(* Consider the network $\Sigma$ described in the context. The following assertions are equivalent: (i) $\Sigma$ is well-posed. (ii) $\Sigma$ is well-posed and there exist $C>0$ and $\kappa\in\mathcal{K}_\infty$ such that for all $x\in X$ and $u\in U$, $|f(x,u)|_\infty \le C+\kappa(|x|_\infty)+\kappa(|u|_\infty)$. (iii) There exist $C>0$ and $\kappa\in\mathcal{K}_\infty$ such that for all $i\in\mathbb{N}$ and all $x_i\in\mathbb{R}^{n_i}$, $\bar x_i\in X(I_i)$, $u_i\in\mathbb{R}^{p_i}$, $|f_i(x_i,\bar x_i,u_i)| \le C+\kappa(|x_i|)+\kappa(|\bar x_i|)+\kappa(|u_i|)$.
   Context: Let $\mathbb{N}=\{1,2,\dots\}$. For each $i\in\mathbb{N}$ fix positive integers $n_i,p_i$, norms $|\cdot|$ on $\mathbb{R}^{n_i}$ and on $\mathbb{R}^{p_i}$, and a finite set $I_i\subset\mathbb{N}\setminus\{i\}$, such that for every $i\in\mathbb{N}$ the set $\{j\in\mathbb{N}: i\in I_j\}$ is finite. Let $X(I_i):=\prod_{j\in I_i}\mathbb{R}^{n_j}$ with norm $|\bar x_i|:=\sup_{j\in I_i}|x_j|$ for $\bar x_i=(x_j)_{j\in I_i}$. For each $i$ let $f_i:\mathbb{R}^{n_i}\times X(I_i)\times\mathbb{R}^{p_i}\to\mathbb{R}^{n_i}$ be continuous (subsystem $\Sigma_i: x_i^+=f_i(x_i,\bar x_i,u_i)$). Let $X:=\{x=(x_i)_{i\in\mathbb{N}}: x_i\in\mathbb{R}^{n_i},\ \sup_i|x_i|<\infty\}$ with norm $|x|_\infty:=\sup_i|x_i|$, and $U:=\{u=(u_i)_{i\in\mathbb{N}}: u_i\in\mathbb{R}^{p_i},\ \sup_i|u_i|<\infty\}$ with norm $|u|_\infty:=\sup_i|u_i|$. Let $X_E:=\prod_{i\in\mathbb{N}}\mathbb{R}^{n_i}$ and define $f:X_E\times U\to X_E$ by $f(x,u)_i:=f_i(x_i,(x_j)_{j\in I_i},u_i)$. The network $\Sigma$ is $x^+=f(x,u)$. $\Sigma$ is called well-posed if $f(x,u)\in X$ for all $x\in X$, $u\in U$. $\mathcal{K}_\infty$ denotes the continuous, strictly increasing, unbounded functions $\gamma:[0,\infty)\to[0,\infty)$ with $\gamma(0)=0$. *)

From HB Require Import structures.
From mathcomp Require Import all_boot all_order all_algebra.
From mathcomp Require Import all_classical all_reals all_analysis.
Set Implicit Arguments. Unset Strict Implicit. Unset Printing Implicit Defensive.
Import Order.TTheory GRing.Theory Num.Theory numFieldNormedType.Exports.
Local Open Scope ring_scope.
Local Open Scope classical_set_scope.

Definition is_norm (R : realType) (m : nat) (N : 'rV[R]_m -> R) : Prop :=
  [/\ forall x, N x = 0 -> x = 0,
      forall (a : R) x, N (a *: x) = `|a| * N x &
      forall x y, N (x + y) <= N x + N y].

(* Class K_infinity (functions on [0,oo), represented on R). *)
Definition Kinf (R : realType) (k : R -> R) : Prop :=
  [/\ k 0 = 0,
      {within [set x : R | 0 <= x], continuous k},
      (forall x y, 0 <= x -> x < y -> k x < k y) &
      (forall M : R, exists r, 0 <= r /\ M < k r)].

Definition Xbar (R : realType) (n : nat -> nat) (I : seq nat) :=
  forall j : seq_sub I, 'rV[R]_(n (ssval j)).

Definition xbar_norm (R : realType) (n : nat -> nat)
  (N : forall k, 'rV[R]_(n k) -> R) (I : seq nat) (xb : Xbar R n I) : R :=
  \big[Num.max/0]_(j : seq_sub I) N (ssval j) (xb j).

Definition restrict (R : realType) (n : nat -> nat) (I : seq nat)
  (x : forall k, 'rV[R]_(n k)) : Xbar R n I := fun j => x (ssval j).

(* x is an element of the l^infty-type space (bounded sequence of norms) *)
Definition bounded_seq (R : realType) (d : nat -> nat)
  (N : forall k, 'rV[R]_(d k) -> R) (x : forall k, 'rV[R]_(d k)) : Prop :=
  exists M : R, forall k, N k (x k) <= M.

Definition supnorm (R : realType) (d : nat -> nat)
  (N : forall k, 'rV[R]_(d k) -> R) (x : forall k, 'rV[R]_(d k)) : R :=
  sup (range (fun k => N k (x k))).

Definition net_f (R : realType) (n p : nat -> nat) (I : nat -> seq nat)
  (F : forall i, 'rV[R]_(n i) -> Xbar R n (I i) -> 'rV[R]_(p i) -> 'rV[R]_(n i))
  (x : forall k, 'rV[R]_(n k)) (u : forall k, 'rV[R]_(p k)) :
  forall k, 'rV[R]_(n k) :=
  fun i => F i (x i) (@restrict R n (I i) x) (u i).

Definition well_posed (R : realType) (n p : nat -> nat) (I : nat -> seq nat)
  (N : forall k, 'rV[R]_(n k) -> R) (Nu : forall k, 'rV[R]_(p k) -> R)
  (F : forall i, 'rV[R]_(n i) -> Xbar R n (I i) -> 'rV[R]_(p i) -> 'rV[R]_(n i))
  : Prop :=
  forall x u, bounded_seq N x -> bounded_seq Nu u -> bounded_seq N (net_f F x u).

Definition cont_sub (R : realType) (n p : nat -> nat) (I : nat -> seq nat)
  (N : forall k, 'rV[R]_(n k) -> R) (Nu : forall k, 'rV[R]_(p k) -> R) (i : nat)
  (Fi : 'rV[R]_(n i) -> Xbar R n (I i) -> 'rV[R]_(p i) -> 'rV[R]_(n i)) : Prop :=
  forall x xb u (e : R), 0 < e -> exists2 d : R, 0 < d &
    forall x' xb' u', N i (x - x') < d ->
      xbar_norm N (fun j => xb j - xb' j) < d -> Nu i (u - u') < d ->
      N i (Fi x xb u - Fi x' xb' u') < e.

(* (iii) => (i) is immediate.  Conversely, let the network be well posed.  Each
   f_i, being continuous, is bounded on the compact ball of radius r of its
   finite-dimensional domain.  These bounds are uniform in i: otherwise one can
   choose subsystems i_0, i_1, ... whose neighbourhoods {i_k} u I_(i_k) are
   pairwise disjoint (each j belongs to finitely many I_i) together with states
   in the r-ball on which |f_(i_k)| > k; glued together, these states give a
   bounded x and u with f(x, u) unbounded.  The uniform bounds on the balls of
   radius m are then dominated by a piecewise linear K_oo function kappa, and
   (ii), (iii) follow from kappa (max a b) <= kappa a + kappa b. *)

From mathcomp Require Import all_boot all_order all_algebra.
From mathcomp Require Import all_classical all_reals all_analysis.
From mathcomp Require Import lra.
Import Order.TTheory GRing.Theory Num.Theory numFieldNormedType.Exports.
Local Open Scope ring_scope.
Local Open Scope classical_set_scope.
Import ArrowAsProduct.

Lemma continuous_compact_bound {R : realType} {T : topologicalType} {g : T -> R}
    {A : set T} :
  continuous g -> compact A -> exists B, forall y, A y -> `|g y| <= B.
Proof.
move=> gc Ac.
have /compact_bounded [M [_ HM]] : compact (g @` A).
  by apply: continuous_compact => //; exact: continuous_subspaceT.
exists (`|M| + 1) => y Ay; apply: (HM (`|M| + 1)); last by exists y.
by apply: le_lt_trans (ler_norm M) _; rewrite ltrDl.
Qed.

Lemma mx_coord_le_norm {R : realType} {m : nat} (y : 'rV[R]_m) c : `|y ord0 c| <= `|y|.
Proof.
rewrite -[`|y|]/(mx_norm y) mx_normrE.
exact: (le_bigmax _ (fun ij : 'I_1 * 'I_m => `|y ij.1 ij.2|) (ord0, c)).
Qed.

Section is_norm_theory.
Context {R : realType} {m : nat} {N : 'rV[R]_m -> R} (hN : is_norm N).

Lemma is_norm_eq0 x : N x = 0 -> x = 0.
Proof. by case: hN => h _ _; exact: h. Qed.

Lemma is_normZ a x : N (a *: x) = `|a| * N x.
Proof. by case: hN. Qed.

Lemma is_normD x y : N (x + y) <= N x + N y.
Proof. by case: hN. Qed.

Lemma is_norm0 : N 0 = 0.
Proof. by have := is_normZ 0 0; rewrite scale0r normr0 mul0r. Qed.

Lemma is_normN x : N (- x) = N x.
Proof. by rewrite -scaleN1r is_normZ normrN normr1 mul1r. Qed.

Lemma is_norm_ge0 x : 0 <= N x.
Proof.
have := is_normD x (- x); rewrite subrr is_norm0 is_normN -mulr2n.
by rewrite pmulrn_lge0.
Qed.

Lemma is_norm_gt0 {x : 'rV[R]_m} : x != 0 -> 0 < N x.
Proof. by move=> x0; rewrite lt0r is_norm_ge0 andbT; apply: contra x0 => /eqP/is_norm_eq0 ->. Qed.

Lemma is_norm_dist x y : `|N x - N y| <= N (x - y).
Proof.
rewrite ler_norml; apply/andP; split.
- by have := is_normD (y - x) x; rewrite subrK -opprB is_normN; lra.
- by have := is_normD (x - y) y; rewrite subrK; lra.
Qed.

------

*EXERCISE*.
Locate the lines above that hold the word "together". Show every one of them.

*PROBLEM SOLUTION*.
   pairwise disjoint (each j belongs to finitely many I_i) together with states
   in the r-ball on which |f_(i_k)| > k; glued together, these states give a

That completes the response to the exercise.